Rumproast and Jelly Belly

#bodypositive #losingitwithlo #midlifewomen #midlifewomenbodyimage #myactiii #positiveselftalk #selftalk #weightlossissues Sep 12, 2020

I’ve been struggling with my body image lately.

I understand the power of positive thinking and a powerful mindset. Yet, I can’t shake the negative thoughts about the way my body looks right now.

Still, I understand how strong my body is. I’ve run 10 marathons. I’ve finished a half-Ironman. I work out regularly, eat (mostly) well, generally get 8 hours of sleep each night, and drink a gallon of water almost every day. I look fine in my clothes, and my jeans still fit.

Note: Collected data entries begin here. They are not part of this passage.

(* Let $k$ be a difference field of characteristic $0$, $R=k\{y_1,\ldots,y_n\}$, and let $I$ be a monomial $\sigma$-ideal of $R$ with support set $S=\{\mathbf{u}\in\mathbb{N}[x]^n:\mathbf{y}^{\mathbf{u}}\in I\}$ (so $I=\bigoplus_{\mathbf{u}\in S}k\mathbf{y}^{\mathbf{u}}$). Then: (1) $I$ is radical iff for all $m\in\mathbb{N}\setminus\{0\}$ and $\mathbf{u}\in\mathbb{N}[x]^n$, $m\mathbf{u}\in S$ implies $\mathbf{u}\in S$; (2) $I$ is reflexive iff for all $\mathbf{u}\in\mathbb{N}[x]^n$, $x\mathbf{u}\in S$ implies $\mathbf{u}\in S$; (3) $I$ is perfect iff for all nonzero $g\in\mathbb{N}[x]$ and $\mathbf{u}\in\mathbb{N}[x]^n$, $g\mathbf{u}\in S$ implies $\mathbf{u}\in S$; (4) $I$ is prime iff for all $\mathbf{u},\mathbf{v}\in\mathbb{N}[x]^n$, $\mathbf{u}+\mathbf{v}\in S$ implies $\mathbf{u}\in S$ or $\mathbf{v}\in S$.
   Context: A difference field is a field $k$ with a ring endomorphism $\sigma$; $R=k\{y_1,\ldots,y_n\}$ is the polynomial ring over $k$ in the variables $\sigma^j(y_i)$, with $\sigma$ extended naturally. For $p=\sum_i c_ix^i\in\mathbb{N}[x]$ and $a\in R$, $a^p=\prod_i(\sigma^i(a))^{c_i}$; for $\mathbf{u}\in\mathbb{N}[x]^n$, $\mathbf{y}^{\mathbf{u}}=y_1^{u_1}\cdots y_n^{u_n}$; $\mathbb{N}[x]^n$ is a module over the semiring $\mathbb{N}[x]$ coordinatewise. A $\sigma$-ideal is an ideal $I$ with $\sigma(I)\subseteq I$; monomial if generated by monomials. $I$ is reflexive if $\sigma(a)\in I$ implies $a\in I$; perfect if $a^g\in I$ implies $a\in I$ for every nonzero $g\in\mathbb{N}[x]$; prime means prime as an ideal. *)

From HB Require Import structures.
From mathcomp Require Import all_boot all_order all_algebra.
From mathcomp Require Import finmap.
From mathcomp.multinomials Require Import monalg.

Set Implicit Arguments.
Unset Strict Implicit.
Unset Printing Implicit Defensive.
Import GRing.Theory.
Local Open Scope ring_scope.

(* The difference polynomial ring  R = k{y_1,...,y_n}  over a field k:
   the commutative polynomial ring over k in the (infinitely many) variables
   sigma^j(y_i), i < n, j in nat, encoded as the variable (i, j). *)
Definition dpoly (k : fieldType) (n : nat) : Type :=
  {malg k[{cmonom ('I_n * nat)%type}]}.

Definition dvar (k : fieldType) (n : nat) (i : 'I_n) (j : nat) : dpoly k n :=
  << ucm (i, j) >>.

Definition dsigma (k : fieldType) (n : nat) (s : {rmorphism k -> k})
  (f : dpoly k n) : dpoly k n :=
  mmap (fun c : k => (s c)%:MP)
       (fun m : {cmonom ('I_n * nat)%type} =>
          \prod_(ij <- finsupp m) dvar k ij.1 ij.2.+1 ^+ m ij) f.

But I find myself slipping up a lot lately. I look in the mirror and only see the imperfections. The extra layer of flab on my thighs. The extra chunk in my belly. The dimples on the back of my arms.

As much as I hate to admit it, I’ve been focusing a lot on the imperfections lately.

I’ve never been thin. I’ve always had a more athletic build, and I tend to carry weight in my thighs and my ass.

And that’s nothing new: the boys in 6th grade nicknamed me “Rumproast” long before baby got back or Jenny from the block was revered for throwing around that junk in her trunk. Maybe the boys meant it as a compliment, but I was significantly more embarrassed about the nickname than excited about it.

What is new, though, is that I’m in a rut. I can’t seem to lose the 6 or 7 pounds I’ve gained since March. While my clothes still fit fine, I don’t like what I see in the mirror when I’m getting in the shower. Even worse: what I looked like in a swimsuit in front of my friends last weekend.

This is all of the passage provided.